The transmission implication is direct: interconnection queues were already overwhelmed by generation projects trying to get power onto the grid. Now grid planners have to simultaneously model large, behaviorally unpredictable loads pulling power off it — in the same constrained corridors, with inadequate data about how those loads actually behave.
The Cost Is Already Showing Up in Bills
None of this is abstract. EIA data shows Americans paid 22 percent more for electricity in 2025 than five years earlier, with infrastructure bottlenecks cited alongside policy mandates and fuel access as primary drivers of the steepest increases.
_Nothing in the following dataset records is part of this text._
Lemma atomistic_interval_up (x u y : T) :
  atomistic_interval x u -> x <= y -> atomistic_interval y (u `|` y).
Proof.
move=> [xu x_atom] xy; split=> [|J HJ]; first exact: leUr.
have uJ : u <= y `|` J.
  rewrite -(join_r xy) -joinA; apply: x_atom => c xc cu.
  case: (boolP (c <= y)) => [cy | c_nle_y]; first exact: lexUl.
  have cov := covers_join Hmod xc xy c_nle_y.
  apply/lexUr/(le_trans (leUr c y))/HJ => //.
  by rewrite leUx leUr lexUl.
by rewrite leUx uJ leUl.
Qed.

Lemma atomistic_interval_join (w u1 u2 : T) :
  atomistic_interval w u1 -> atomistic_interval w u2 ->
  atomistic_interval w (u1 `|` u2).
Proof.
move=> [wu1 atom1] [wu2 atom2]; split=> [|J HJ]; first exact: lexUl.
by rewrite leUx atom1 ?atom2 // => c wc cu; apply: HJ wc _;
  [exact: lexUr | exact: lexUl].
Qed.

End PlusInterval.

Section StarPlus.
Context {disp : Order.disp_t} {T : tbLatticeType disp}.
Hypotheses (Hmod : @modular_lattice _ T) (Hfin : @finite_length _ T).

Lemma plus_star_le (a : T) : plus (star a) <= a.
Proof.
have := le_star_plus (modular_dual Hmod) (finite_length_dual Hfin) a.
by rewrite (plus_dual Hfin) (star_dual Hfin).
Qed.

Lemma star_plus_star (a : T) : star (plus (star a)) = star a.
Proof.
apply: le_anti; rewrite le_star_plus // andbT.
exact: (star_mono Hmod Hfin (plus_star_le a)).
Qed.
(* Let $G$ be a finite connected graph with node set $V$ and radius $\operatorname{rad}(G)$. Suppose a one-to-all distance based algorithm for computing the radius of $G$ performs one-to-all distance queries from exactly the nodes of a set $L\subseteq V$. Then for every ranking $r$ of $V$, the set $L\cup A_r(L)$ is a radius certificate of $G$. Consequently, any one-to-all distance based algorithm for the radius performs at least $\frac{1}{2}|L_{OPT}|$ one-to-all distance queries, where $|L_{OPT}|$ is the minimum size of a radius certificate of $G$ (equivalently, the minimum size of a covering of $V$ with the collection $\{\overline{B}(u,\operatorname{rad}(G)) : u\in V\}$).
   Context: $G$ is an undirected unweighted connected graph with finite node set $V$; $d(u,v)$ is the shortest-path distance, $e(u)=\max_{v\in V}d(u,v)$ the eccentricity, $\operatorname{rad}(G)=\min_u e(u)$. A ranking $r$ is an injective map from $V$ to a totally ordered set. The antipode $A_r(u)$ of $u$ is the node $v$ maximizing the pair $(d(u,v),r(v))$ in lexicographic order (a furthest node from $u$ of highest rank), and $A_r(W)=\{A_r(u):u\in W\}$. The coball is $\overline{B}(u,\rho)=\{v\in V: d(u,v)\ge \rho\}$. A radius certificate is a set $L\subseteq V$ such that every $u\in V$ has $\max_{x\in L}d(u,x)\ge \operatorname{rad}(G)$. A one-to-all distance query from a node $x$ returns the vector $(d(x,v))_{v\in V}$. A one-to-all distance based algorithm is one that accesses the graph only through one-to-all distance queries and relies solely on the distances known from its queries, the triangle inequality and non-negativity of distances for bounding unknown distances (so its correctness certifies, for every node $u$, that $e(u)\ge\operatorname{rad}(G)$ by such reasoning). *)

From HB Require Import structures.
From mathcomp Require Import all_boot all_order all_algebra.
Set Implicit Arguments. Unset Strict Implicit. Unset Printing Implicit Defensive.
Import Order.TTheory GRing.Theory Num.Theory.

Section Graph.
Variables (T : finType) (e : rel T).

Definition simple_graph := symmetric e /\ irreflexive e.
Definition connected_graph := forall u v : T, connect e u v.

Definition walk_of_length (u v : T) (n : nat) : bool :=
  [exists p : n.-tuple T, path e u p && (last u p == v)].

(* shortest-path distance: least n (< #|T|) with a walk of length n from u
   to v; in a connected graph this is exactly d(u,v). *)
Definition dist (u v : T) : nat := find (walk_of_length u v) (iota 0 #|T|).

Definition ecc (u : T) : nat := \max_(v : T) dist u v.

(* radius = min_u e(u)  (default #|T| only matters for the empty graph) *)
Definition rad : nat := \big[minn/#|T|]_(u : T) ecc u.

(* radius certificate: every u has max_{x in L} d(u,x) >= rad(G)
   (max over the empty set is 0) *)
Definition radius_certificate (L : {set T}) : Prop :=
  forall u : T, rad <= \max_(x in L) dist u x.

Definition is_antipode (disp : Order.disp_t) (O : orderType disp) (r : T -> O)
    (u v : T) : bool :=
  [forall w, (dist u w < dist u v) || ((dist u w == dist u v) && (r w <= r v)%O)].

Definition antipode (disp : Order.disp_t) (O : orderType disp) (r : T -> O)
    (u : T) : T := odflt u [pick v | is_antipode r u v].

Definition antipode_set (disp : Order.disp_t) (O : orderType disp) (r : T -> O)
    (W : {set T}) : {set T} := [set antipode r u | u in W].

(* Knowledge of a one-to-all distance based algorithm that queried exactly
   the nodes of L: the correctness certifies e(u) >= rad(G) for every u
   using only the queried distances, triangle inequality and
   non-negativity, i.e. in every nonnegative function D satisfying the
   triangle inequality and agreeing with d on all queried pairs, every u
   has some v with D(u,v) >= rad(G). *)
Definition consistent_distance (L : {set T}) (D : T -> T -> rat) : Prop :=
  [/\ forall a b, 0 <= D a b,
      forall a b c, D a c <= D a b + D b c
    & forall x v, x \in L -> D x v = (dist x v)%:R /\ D v x = (dist x v)%:R]%R.

Definition certifies_radius (L : {set T}) : Prop :=
  forall D : T -> T -> rat, consistent_distance L D ->
  forall u : T, exists v : T, ((rad%:R : rat) <= D u v)%R.

End Graph.

From HB Require Import structures.
From mathcomp Require Import all_boot all_order all_algebra.
From mathcomp Require Import zify.
Import Order.TTheory GRing.Theory Num.Theory.

Set Implicit Arguments.
Unset Strict Implicit.

(* The distances an algorithm can deduce from its queries at L are bounded
   below by the landmark metric D(a,b) = max_{x in L} |d(x,a) - d(x,b)|: it is
   a pseudometric agreeing with d on every queried pair, so certification
   forces, for every u, some v with D(u,v) >= rad(G).  On the other hand, if
   k bounds the distance from u to every x in L and to its antipode A(x), then
   |d(x,u) - d(x,v)| <= k for every v: either d(x,v) <= d(x,u), or
   d(x,v) - d(x,u) <= d(x,A(x)) - d(x,u) <= d(u,A(x)).  Taking for k the
   largest distance from u to L u A(L) shows that L u A(L) is a radius
   certificate, and it has at most 2|L| nodes. *)

Section GraphDistance.
Variables (T : finType) (e : rel T).
Hypotheses (e_simple : simple_graph e) (e_connected : connected_graph e).

Lemma dist_leq_walk u v n : walk_of_length e u v n -> dist e u v <= n.
Proof.
move=> uv_n; rewrite /dist.
have [n_lt|] := ltnP n #|T|; last first.
  by apply: leq_trans; rewrite -[X in _ <= X](size_iota 0) find_size.
rewrite leqNgt; apply/negP => /(before_find 0).
by rewrite nth_iota // add0n uv_n.
Qed.

Lemma walk_dist u v : walk_of_length e u v (dist e u v).
Proof.
have [p e_p last_p] := connectP (e_connected u v).
case: (shortenP e_p) last_p => p' e_p' uniq_p' _ last_p'.
have p'_lt : size p' < #|T|.
  by have := max_card (mem (u :: p')); rewrite (card_uniqP uniq_p').
have uv_p' : walk_of_length e u v (size p').
  by apply/existsP; exists (in_tuple p'); rewrite /= e_p' -last_p' eqxx.
have has_walk : has (walk_of_length e u v) (iota 0 #|T|).
  by apply/hasP; exists (size p'); rewrite ?mem_iota.
have := nth_find 0 has_walk; rewrite nth_iota ?add0n //.
by move: has_walk; rewrite has_find size_iota.
Qed.

Lemma walk_cat u v w n m :
  walk_of_length e u v n -> walk_of_length e v w m ->
  walk_of_length e u w (n + m).
Proof.
move=> /existsP[p /andP[e_p /eqP last_p]] /existsP[q /andP[e_q /eqP last_q]].
have size_pq : size (tval p ++ tval q) == n + m by rewrite size_cat !size_tuple.
apply/existsP; exists (Tuple size_pq) => /=.
by rewrite cat_path last_cat last_p e_p e_q last_q /=.
Qed.

Lemma walk_rev u v n : walk_of_length e u v n -> walk_of_length e v u n.
Proof.
case: e_simple => e_sym _ /existsP[p /andP[e_p /eqP last_p]].
have size_rp : size (rev (belast u p)) == n.
  by rewrite size_rev size_belast size_tuple.
apply/existsP; exists (Tuple size_rp) => /=.
rewrite -last_p rev_path (@eq_path _ _ e) => [|a b /=]; last by rewrite e_sym.
by rewrite e_p /=; case: (tval p) => [|y s] //=; rewrite rev_cons last_rcons.
Qed.

Lemma distC u v : dist e u v = dist e v u.
Proof.
by apply/eqP; rewrite eqn_leq !dist_leq_walk // walk_rev // walk_dist.
Qed.

Lemma dist_triangle u v w : dist e u w <= dist e u v + dist e v w.
Proof. by apply: dist_leq_walk; apply: walk_cat; apply: walk_dist. Qed.

Lemma distxx u : dist e u u = 0.
Proof.
apply/eqP; rewrite -leqn0; apply: dist_leq_walk.
by apply/existsP; exists [tuple]; rewrite /= eqxx.
Qed.

Lemma exists_antipode disp (O : orderType disp) (r : T -> O) x :
  exists v, is_antipode e r x v.
Proof.
have [v0 _ v0_far] := @arg_maxP _ nat T x predT (dist e x) isT.
have [v /eqP v_far v_top] :=
  @arg_maxP _ _ T v0 (fun w => dist e x w == dist e x v0) r (eqxx _).
exists v; apply/forallP => w.
case: (ltngtP (dist e x w) (dist e x v)) => //= [v_lt_w|w_eq_v]; last first.
  by apply: v_top; rewrite w_eq_v v_far.
have w_le_v0 : dist e x w <= dist e x v0 := v0_far w isT.
by rewrite -v_far leqNgt v_lt_w in w_le_v0.
Qed.

Lemma dist_leq_antipode disp (O : orderType disp) (r : T -> O) x w :
  dist e x w <= dist e x (antipode e r x).
Proof.
rewrite /antipode; case: pickP => [v /forallP/(_ w)|no_antipode].
  by case/orP => [/ltnW //|/andP[/eqP -> _]].
by have [v] := exists_antipode r x; rewrite no_antipode.
Qed.

End GraphDistance.

Section LandmarkDistance.
Variables (T : finType) (e : rel T) (L : {set T}).
Hypotheses (e_simple : simple_graph e) (e_connected : connected_graph e).

Definition dist_gap (x a b : T) : nat :=
  maxn (dist e x a - dist e x b) (dist e x b - dist e x a).

Definition landmark_dist (a b : T) : nat := \max_(x in L) dist_gap x a b.

Lemma landmark_distC a b : landmark_dist a b = landmark_dist b a.
Proof. by apply: eq_bigr => x _; rewrite /dist_gap maxnC. Qed.

Lemma landmark_dist_triangle a b c :
  landmark_dist a c <= landmark_dist a b + landmark_dist b c.
Proof.
apply/bigmax_leqP => x xL.
have := @leq_bigmax_cond _ _ (fun x => dist_gap x a b) _ xL.
have := @leq_bigmax_cond _ _ (fun x => dist_gap x b c) _ xL.
rewrite -/(landmark_dist a b) -/(landmark_dist b c) /dist_gap; lia.
Qed.

Lemma landmark_dist_landmark x v : x \in L -> landmark_dist x v = dist e x v.
Proof.
move=> xL; apply/eqP; rewrite eqn_leq; apply/andP; split.
  apply/bigmax_leqP => y _.
  have := dist_triangle e_connected y x v.
  have := dist_triangle e_connected y v x.
  rewrite (distC e_simple e_connected v x) /dist_gap; lia.
apply: leq_trans (@leq_bigmax_cond _ _ (fun y => dist_gap y x v) _ xL).
by rewrite /dist_gap distxx //; lia.
Qed.

Lemma landmark_dist_consistent :
  consistent_distance e L (fun a b => (landmark_dist a b)%:R : rat).
Proof.
split=> [a b|a b c|x v xL]; first by rewrite ler0n.
  by rewrite -natrD ler_nat landmark_dist_triangle.
by rewrite (landmark_distC v x) landmark_dist_landmark.
Qed.

Lemma landmark_dist_leq_antipode disp (O : orderType disp) (r : T -> O) u v k :
  (forall x, x \in L -> dist e u x <= k /\ dist e u (antipode e r x) <= k) ->
  landmark_dist u v <= k.
Proof.
move=> u_near; apply/bigmax_leqP => x xL.
have [ux_le uAx_le] := u_near x xL.
have := dist_leq_antipode e r x v.
have := dist_triangle e_connected x u (antipode e r x).
rewrite /dist_gap (distC e_simple e_connected u x) in ux_le uAx_le *; lia.
Qed.

End LandmarkDistance.

Lemma antipode_setU_radius_certificate (T : finType) (e : rel T) (L : {set T})
    disp (O : orderType disp) (r : T -> O) :
  simple_graph e -> connected_graph e -> certifies_radius e L ->
  radius_certificate e (L :|: antipode_set e r L).
Proof.
move=> e_simple e_connected L_certifies u.
have [v] := L_certifies _ (landmark_dist_consistent L e_simple e_connected) u.
rewrite ler_nat => /leq_trans; apply.
apply: (landmark_dist_leq_antipode e_simple e_connected (r := r)) => x xL.
by split; apply: leq_bigmax_cond; rewrite in_setU ?xL ?imset_f ?orbT.
Qed.

Lemma card_antipode_setU (T : finType) (e : rel T) (L : {set T})
    disp (O : orderType disp) (r : T -> O) :
  #|L :|: antipode_set e r L| <= 2 * #|L|.
Proof.
rewrite mul2n -addnn cardsU; apply: leq_trans (leq_subr _ _) _.
by rewrite leq_add2l leq_imset_card.
Qed.

Theorem theorem2 (T : finType) (e : rel T) (L : {set T}) :
  simple_graph e -> connected_graph e ->
  certifies_radius e L ->
  (forall (disp : Order.disp_t) (O : orderType disp) (r : T -> O),
      injective r -> radius_certificate e (L :|: antipode_set e r L)) /\
  (forall Lopt : {set T}, radius_certificate e Lopt ->
      (forall C : {set T}, radius_certificate e C -> #|Lopt| <= #|C|) ->
      #|Lopt| <= 2 * #|L|).
Proof.
move=> e_simple e_connected L_certifies; split=> [disp O r _|Lopt _ Lopt_min].
  exact: antipode_setU_radius_certificate.
apply: leq_trans (card_antipode_setU e L (@enum_rank T)).
exact/Lopt_min/antipode_setU_radius_certificate.
Qed.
The states with the worst transmission constraints aren't just missing clean energy targets — they're paying more for the fossil generation filling the gap.
The pattern here is consistent with what I've been tracking in the IRA cost-per-ton analysis: the gap between policy ambition and implementation infrastructure keeps widening, and the costs of that gap land on ratepayers and state budgets, not on the federal programs that created the mismatch.
What to Watch
NERC's Level 3 alert is a trigger, not a resolution. The seven "essential actions" it recommends require transmission planners to model grid stability margins annually in AI-heavy regions and install monitoring equipment — but mandatory standards still need FERC approval, and that process has its own timeline. Watch for FERC's response to the NERC petition, which will determine whether data center load disclosure becomes a legal requirement or stays voluntary guidance.
On the interconnection side, the more telling number won't be how many projects applied to PJM's reformed queue — it's how many of those 811 projects are still alive in 18 months, and what fuel mix survives the attrition. If the reformed process is actually faster and more predictable, the renewable share should stabilize. If it isn't, the 55 percent gas-and-nuclear composition of this first cycle is a preview of the grid Maryland and a dozen other states will be managing in 2035.